Bitte, a seaman and McPhee, the donkeyman-mechanic, looked back on their adventure with typical pride–but their writings told a story at odds with expectations. The excitement around the ship had dissipated before they were out of sight of land and the crew quickly became disenchanted. Because they were all members of the Sailors Union of the Pacific and the captain was one of the “old school,” the voyage would be marred by constant friction.
Captain Gundersen assumed the crew had signed up because they wanted to gain time under sail, but most were drawn by the pay more than the romance! The wages were good for the time: the able-bodied seamen were reportedly getting $310 a month. Gundersen had never encountered a crew that held regular union meetings, then elected a spokesman, Joe Kaplan, who was a member of the Young Communists League!
Unfortunately, things were equally acrimonious between the crew members themselves. They were never short of complaints–especially about the food. The cook had been paroled from prison on his promise to go to sea, with the hope that this would pay off some of his unpaid alimony to three wives! He refused to provide lunches for the night watch and tried to lock the galley at night.

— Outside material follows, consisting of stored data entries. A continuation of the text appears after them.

(* Let $d$ be a positive integer and let $n,m$ be such that $T_{n,m}$ is nonempty. Then the set of all $d$-locally most reliable two-terminal graphs near $1$ in $T_{n,m}$ is nonempty and equals $T_{n,m}^d(m)$.
   Context: All graphs are finite, simple and undirected. A two-terminal graph is a graph $G$ together with two distinguished vertices $s,t$ (the terminals). Two two-terminal graphs are isomorphic if there is a graph isomorphism between them mapping the set of terminals onto the set of terminals. $T_{n,m}$ denotes the set of all pairwise nonisomorphic two-terminal graphs with $n$ vertices and $m$ edges. For a positive integer $d$, a $d$-pathset of a two-terminal graph $G$ is a spanning subgraph of $G$ containing a path of length (number of edges) at most $d$ joining $s$ and $t$; $N_i^d(G)$ is the number of $d$-pathsets of $G$ with exactly $i$ edges. For $\rho\in[0,1]$, $R_G^d(\rho)$ is the probability that the random spanning subgraph obtained from $G$ by deleting each edge independently with probability $\rho$ is a $d$-pathset; equivalently $R_G^d(\rho)=\sum_{i=1}^m N_i^d(G)(1-\rho)^i\rho^{m-i}$. $G\in T_{n,m}$ is a $d$-locally most reliable two-terminal graph near $1$ if there exists $\delta>0$ such that $R_G^d(\rho)\geq R_H^d(\rho)$ for every $H\in T_{n,m}$ and every $\rho\in(1-\delta,1)$. Define $T_{n,m}^d(0)=T_{n,m}$ and, for $i\in\{0,1,\ldots,m-1\}$, $T_{n,m}^d(i+1)=\{G\in T_{n,m}^d(i): N_{i+1}^d(G)\geq N_{i+1}^d(H)\text{ for all }H\in T_{n,m}^d(i)\}$. *)

From HB Require Import structures.
From mathcomp Require Import all_boot all_order all_algebra.
From mathcomp Require Import fingroup perm.
From mathcomp Require Import reals.
Set Implicit Arguments. Unset Strict Implicit. Unset Printing Implicit Defensive.
Import Order.TTheory GRing.Theory Num.Theory.

(* A two-terminal graph on the vertex set 'I_n, encoded as
   ((edge set, s), t); it is a valid (simple) two-terminal graph when every
   edge is a 2-element vertex set and s != t. *)
Definition ttg (n : nat) := ({set {set 'I_n}} * 'I_n * 'I_n)%type.

Definition edges n (G : ttg n) : {set {set 'I_n}} := G.1.1.
Definition term_s n (G : ttg n) : 'I_n := G.1.2.
Definition term_t n (G : ttg n) : 'I_n := G.2.

Definition valid_ttg n (G : ttg n) : bool :=
  [forall e in edges G, #|e| == 2] && (term_s G != term_t G).
(* Let $n\ge2$, let $q\in\mathbb C$ with $0<|q|<1$ and fix an $n$-th root $q^{1/n}$. Let $A^*$ be the $(n-1)\times(n-1)$ matrix $A^*_{\alpha\beta}=n\delta_{\alpha\beta}-1$. For nonzero complex $\mu_1,\dots,\mu_{n-1}$ set $\mu_n:=q^{-1}(\mu_1\cdots\mu_{n-1})^{-1}$ and $$\Theta^{(1)}(\mu)=\sum_{\vec k\in\mathbb Z^{n-1}}q^{\frac1n\{(\vec k,A^*\vec k)+(\vec 1,\vec k)\}}\mu_1^{k_1}\cdots\mu_{n-1}^{k_{n-1}},$$ where $(\vec k,A^*\vec k)=\sum_{\alpha,\beta}k_\alpha A^*_{\alpha\beta}k_\beta$ and $(\vec1,\vec k)=\sum_\alpha k_\alpha$, and $q^{m/n}:=(q^{1/n})^m$. Then the series converges, and for every $\alpha=1,\dots,n$, $$q\mu_\alpha\,\Theta^{(1)}\bigl(\nabla^\alpha(\mu)\bigr)=\Theta^{(1)}(\mu),$$ where $\nabla^\alpha(\mu_\beta)=q^{2(\delta_{\alpha\beta}-1/n)}\mu_\beta$ for $\beta=1,\dots,n$ (this shift preserves $\prod_\beta\mu_\beta=q^{-1}$). With $q=e^{2\pi i\tau}$, $q^{1/n}\mu_\alpha=e^{2\pi iz_\alpha}$ and $\Omega_{\alpha\beta}=2\tau(\delta_{\alpha\beta}-\frac1n)$, one has $\Theta^{(1)}=\sum_{\vec k\in\mathbb Z^{n-1}}\exp\{\pi i(\vec k,\Omega\vec k)+2\pi i(\vec k,\vec z)\}$, a Riemann theta function.
   Context: This function is the candidate evolution operator for the $q$-deformed isotropic top on the $SL_q(n)$ Heisenberg double, whose evolution equations are the displayed functional equations in the spectral variables $\mu_1,\dots,\mu_n$ subject to $\prod_{\alpha=1}^n\mu_\alpha=q^{-1}$. *)

From mathcomp Require Import all_boot all_order all_algebra.
From mathcomp Require Import complex.
From mathcomp Require Import all_classical all_reals all_analysis.
From mathcomp Require Import Rstruct Rstruct_topology.
Import Order.TTheory GRing.Theory Num.Theory numFieldNormedType.Exports.

Set Implicit Arguments.
Unset Strict Implicit.
Unset Printing Implicit Defensive.

Local Open Scope classical_set_scope.
Local Open Scope ring_scope.

(* The complex numbers, as the numClosedFieldType R[i] over Stdlib's reals,
   equipped (via numFieldNormedType.Exports) with its norm topology. *)
Definition C : numClosedFieldType := Rdefinitions.R[i].

Definition quadA (n : nat) (k : 'I_n.-1 -> int) : int :=
  \sum_(a < n.-1) \sum_(b < n.-1) k a * ((n * (a == b))%:Z - 1) * k b.

(* The general term  q^{((k,A^*k)+(1,k))/n} mu_1^{k_1} ... mu_{n-1}^{k_{n-1}},
   with q^{m/n} := qn ^ m  (qn a fixed n-th root of q). *)
Definition theta_term (n : nat) (qn : C) (mu : 'I_n.-1 -> C)
    (k : 'I_n.-1 -> int) : C :=
  qn ^ (quadA k + \sum_(a < n.-1) k a) * \prod_(a < n.-1) mu a ^ k a.

Definition theta_abs_summable (n : nat) (qn : C) (mu : 'I_n.-1 -> C) : Prop :=
  exists M : C, forall s : seq {ffun 'I_n.-1 -> int}, uniq s ->
    \sum_(k <- s) `|theta_term qn mu k| <= M.

(* Partial sum over the box { k : |k_a| <= N for all a }. *)
Definition theta_box_sum (n : nat) (qn : C) (mu : 'I_n.-1 -> C) (N : nat) : C :=
  \sum_(j : {ffun 'I_n.-1 -> 'I_(2 * N + 1)})
     theta_term qn mu (fun a => (j a)%:Z - N%:Z).

Definition Theta1 (n : nat) (qn : C) (mu : 'I_n.-1 -> C) : C :=
  limn (theta_box_sum qn mu).

(* mu_alpha for alpha = 1..n (0-indexed), with mu_n := q^{-1} (mu_1...mu_{n-1})^{-1}. *)
Definition mu_full (n : nat) (q : C) (mu : 'I_n.-1 -> C) (alpha : 'I_n) : C :=
  if insub (val alpha) is Some a then mu (a : 'I_n.-1)
  else (q * \prod_(a < n.-1) mu a)^-1.

(* nabla^alpha on the free coordinates mu_1..mu_{n-1}:
   mu_b |-> q^{2(delta_{alpha b} - 1/n)} mu_b = qn^(2 n delta_{alpha b} - 2) mu_b. *)
Definition nabla (n : nat) (qn : C) (alpha : 'I_n) (mu : 'I_n.-1 -> C)
    (b : 'I_n.-1) : C :=
  qn ^ ((2 * n * (val alpha == val b))%:Z - 2) * mu b.

(* The exponent of the [k]-th term is [(k, A^* k) + (1, k)], which dominates
   [sum_a (k_a^2 + k_a)] because [(sum_a k_a)^2 <= (n-1) sum_a k_a^2]; hence the
   term is bounded by a product of one-dimensional terms
   [|q^(1/n)|^(j^2 + j) |mu_a|^j], which decay geometrically, and the series is
   absolutely summable.  Replacing [mu] by [nabla^alpha mu] multiplies the
   [k]-th term by [q^(2 k_alpha - 2 (1, k) / n)] (with [k_n = 0]); together
   with the factor [q mu_alpha] this is the [k + e_alpha]-th term for
   [alpha < n], and, since [mu_n = q^-1 (mu_1 ... mu_(n-1))^-1], the
   [k - (1, ..., 1)]-th term for [alpha = n].  Box partial sums of an absolutely
   summable family have the same limit after a translation of the index, which
   gives the functional equation. *)

From mathcomp Require Import all_boot all_order all_algebra.
From mathcomp Require Import complex.
From mathcomp Require Import all_classical all_reals all_analysis.
From mathcomp Require Import Rstruct Rstruct_topology.
From Stdlib Require Import Lia.
From mathcomp Require Import zify ring lra.
Import Order.TTheory GRing.Theory Num.Theory numFieldNormedType.Exports.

I know this story of the Tango very well. Archie McPhee was my Uncle, and I knew Joe Kaplan very well.
I am really happy to the see story of the Tango online.
Gene Luce, my father-in-law, knew Mr Barber, and mentioned him several times. Gene is 96 today, and we feel we are about to lose him. This was a great generation of men!
Very interesting story. I am reading the book “Alone Through the Roaring Forties” by Vito Dumas. It is a book about his experiences in single handed circumnavigation through that those latitudes 1941 to 1942. In it he references see the “fine American 6 master” in Cape Town Monday 14 September. He said the crew wish him luck as he passed by, and that the Tango had been there for a number of months.
These few sentences led me to search for pictures of the ship and your website.
In another vein, Ed Blazier was my mother’s uncle. Ed acquired the Tango from his brother who had in turn acquired it for carrying lumber from his timber holdings near Stevenson WA, but the venture failed making the vessel available. It was apparently “Uncle Ed” who commissioned the fitting out of the Tango as a sampling casino. That chapter of the Tango’s history is documented in the book Noir Afloat by Earnest Marquez.